The end of the line has apparently arrived for nearly 100-year-old Yellow Corp., which calls itself "the original less-than-truckload carrier."

The union for about 22,000 employees of Yellow has been served a legal notice that the company—which also is the third largest LTL in the U.S. and is No. 6 on the 2023 for-hire FleetOwner 500—is ceasing all operations and filing for bankruptcy, according to a July 31 statement from the union, the International Brotherhood of Teamsters. That bankruptcy filing could come soon for a company that traces its roots back to 1924.
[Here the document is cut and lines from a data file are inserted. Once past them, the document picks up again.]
Lemma lcs_eq1 n : lcs n `<=` [set e] -> lcs n = [set e].
Proof. by move=> lcs1; apply/seteqP; split=> // _ ->; exact: lcs_e. Qed.

Lemma derived_eq1 n : derived n `<=` [set e] -> derived n = [set e].
Proof. by move=> der1; apply/seteqP; split=> // _ ->; exact: derived_e. Qed.

Lemma nilpotent_solvable : grp_nilpotent mul e G -> grp_solvable mul e G.
Proof.
by move=> [n lcs_n]; exists n; apply: derived_eq1; rewrite -lcs_n; exact: derived_sub_lcs.
Qed.

End SubgroupSeries.

Section IncidenceAlgebra.
Variables (d : Order.disp_t) (X : porderType d) (K : fieldType).
Local Notation ialg := (ialg X K).
Local Notation imul := (@imul d X K).
Local Notation delta := (@idelta d X K).
Local Notation U1 := (@U1 d X K).

Definition le_supported (a : ialg) := forall p q : X, ~~ (p <= q)%O -> a p q = 0.

Lemma fsum_interval (F : X -> K) (p q : X) (r : seq X) : uniq r ->
  (forall z, z \in r -> (p <= z)%O /\ (z <= q)%O) ->
  (forall z, (p <= z)%O -> (z <= q)%O -> z \notin r -> F z = 0) ->
  \sum_(z \in [set z | (p <= z)%O /\ (z <= q)%O]) F z = \sum_(z <- r) F z.
Proof.
move=> r_uniq r_sub F0; rewrite (fsbigE r) //.
- rewrite big_seq_cond [RHS]big_seq; apply: eq_bigl => z.
  by case: (boolP (z \in r)) => //= zr; rewrite mem_set //; apply: r_sub.
- by move=> z [pz zq]; apply: F0.
Qed.

Lemma imul_le_supported a b : le_supported (imul a b).
Proof.
move=> p q npq; rewrite /imul fsbig1 // => z [pz zq].
by move: npq; rewrite (le_trans pz zq).
Qed.

Lemma imul_diag (a b : ialg) p : imul a b p p = a p p * b p p.
Proof.
rewrite /imul (fsum_interval (r := [:: p])) ?big_seq1 //.
  by move=> z; rewrite inE => /eqP ->.
by move=> z pz zp; rewrite inE => /eqP []; apply/le_anti; rewrite pz zp.
Qed.

Lemma imul_lt (a b : ialg) p q : (p < q)%O ->
  (forall z, (p < z)%O -> (z < q)%O -> a p z * b z q = 0) ->
  imul a b p q = a p p * b p q + a p q * b q q.
Proof.
move=> pq mid0; rewrite /imul (fsum_interval (r := [:: p; q])).
- by rewrite big_cons big_seq1.
- by rewrite /= inE andbT (lt_eqF pq).
- by move=> z; rewrite !inE => /orP[] /eqP ->; split; rewrite // ltW.
move=> z pz zq; rewrite !inE negb_or => /andP[zp zq'].
by apply: mid0; rewrite lt_neqAle ?pz ?zq // ?andbT // eq_sym.
Qed.

Lemma finitary_imul a b : finitary a -> finitary b -> finitary (imul a b).
Proof.
move=> fa fb x y xy.
set Sa := [set uv : X * X | [/\ (x <= uv.1)%O, (uv.1 < uv.2)%O, (uv.2 <= y)%O
                                & a uv.1 uv.2 != 0]].
set Sb := [set uv : X * X | [/\ (x <= uv.1)%O, (uv.1 < uv.2)%O, (uv.2 <= y)%O
                                & b uv.1 uv.2 != 0]].
apply: (sub_finite_set (B := Sa `|` Sb `|`
  [set (fun s t : X * X => (s.1, t.2)) s t | s in Sa & t in Sb])); last first.
  by rewrite !finite_setU; split; [split; [exact: fa | exact: fb]
                                   | apply: finite_image2; [exact: fa | exact: fb]].
move=> [u v] /= [xu uv vy nz].
have [w [[uw wv] abw]] : exists w, ((u <= w)%O /\ (w <= v)%O) /\ a u w * b w v != 0.
  apply/not_existsP => all0; move/eqP: nz; apply; rewrite /imul fsbig1 // => w uwv.
  by apply/eqP/negbNE/negP => abw; apply: (all0 w).
have [aw bw] : a u w != 0 /\ b w v != 0.
  by split; apply: contraNneq abw => ->; rewrite ?mul0r ?mulr0.
have [wu|nwu] := eqVneq w u; first by left; right; split; rewrite // -wu.
have [wv'|nwv] := eqVneq w v; first by left; left; split; rewrite // -wv'.
right; exists (u, w); last exists (w, v) => //.
  by split=> //=; [rewrite lt_neqAle eq_sym nwu uw | exact: le_trans wv vy].
by split=> //=; [exact: le_trans xu uw | rewrite lt_neqAle nwv wv].
Qed.

Lemma U1_le_supported a : U1 a -> le_supported a.
Proof. by case=> [[]]. Qed.

Lemma U1_delta : U1 delta.
Proof.
split; last by move=> x; rewrite /idelta eqxx.
split=> [x y nxy|x y _]; first by rewrite /idelta; case: eqP => // xy; rewrite xy lexx in nxy.
apply: sub_finite_set (finite_set0 _) => -[u v] /= [_ uv _].
by rewrite /idelta (lt_eqF uv) eqxx.
Qed.

Lemma U1_imul a b : U1 a -> U1 b -> U1 (imul a b).
Proof.
move=> [[_ fa] a1] [[_ fb] b1]; split; last by move=> x; rewrite imul_diag a1 b1 mulr1.
by split; [exact: imul_le_supported | exact: finitary_imul].
Qed.

Lemma U1_group : is_subgroup imul delta U1 U1.
Proof. by split=> //; [exact: U1_delta | exact: U1_imul]. Qed.

Definition transvection (x y : X) : ialg :=
  fun p q => delta p q + (if (p == x) && (q == y) then 1 else 0).

Lemma U1_transvection x y : (x < y)%O -> U1 (transvection x y).
Proof.
move=> xy; split; last first.
  move=> p; rewrite /transvection /idelta eqxx.
  by have [->|_] := eqVneq p x; rewrite ?(lt_eqF xy) addr0.
split=> [p q npq|u v _].
  rewrite /transvection /idelta; have [pq|_] := eqVneq p q; first by rewrite pq lexx in npq.
  have [px|_] := eqVneq p x; have [qy|_] := eqVneq q y; rewrite //= ?addr0 //.
  by rewrite px qy (ltW xy) in npq.
apply: sub_finite_set (finite_set1 (x, y)) => -[p q] /= [_ pq _].
rewrite /transvection /idelta (lt_eqF pq) add0r.
by have [->|] := eqVneq p x; have [->|] := eqVneq q y; rewrite //= eqxx.
Qed.

Lemma transvection_neq_delta x y : (x < y)%O -> transvection x y <> delta.
Proof.
move=> xy /(congr1 (fun f => f x y)); rewrite /transvection /idelta (lt_eqF xy) !eqxx /=.
by rewrite add0r => /eqP; rewrite oner_eq0.
Qed.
“Today’s news is unfortunate but not surprising,” Teamsters General President Sean M. O’Brien said in the statement.

“Yellow has historically proven that it could not manage itself despite billions of dollars in worker concessions and hundreds of millions in bailout funding from the federal government,” O’Brien added in the statement. “This is a sad day for workers and the American freight industry.”

A bankruptcy by Yellow would be the largest in the history of the U.S. trucking industry.

The company posted signs on locked gates at its terminals by noon on Sunday, July 30, saying it was ceasing all operations, according to one report. Other reports from local media outlets all over the U.S. said the company had shut down operations at those locations. Yellow has not issued a public statement on its fate, but the jobs of its roughly 30,000 employees, including those who aren't union members, hang on the LTL's decision.

See also: Yellow teeters: Layoffs begin, 3PL subsidiary on the block

Of its members, “the Teamsters are committed to ensuring members are protected and notified with all the latest information,” the union’s July 31 statement reads, which also said it is “putting infrastructure in place to help affected members get the assistance they need to find good union jobs throughout freight and other industries.”

Yellow and Teamsters leadership exchanged blows almost up until what looks like the end for the company, which showed signs for weeks that it wouldn’t be able to survive. The company was hemorrhaging money, customers sensing the end were fleeing, and Yellow announced just last week that it was offering for sale its promising third-party logistics arm, Yellow Logistics, in an apparent bid to raise cash and to stave off the worst possible outcome: liquidation.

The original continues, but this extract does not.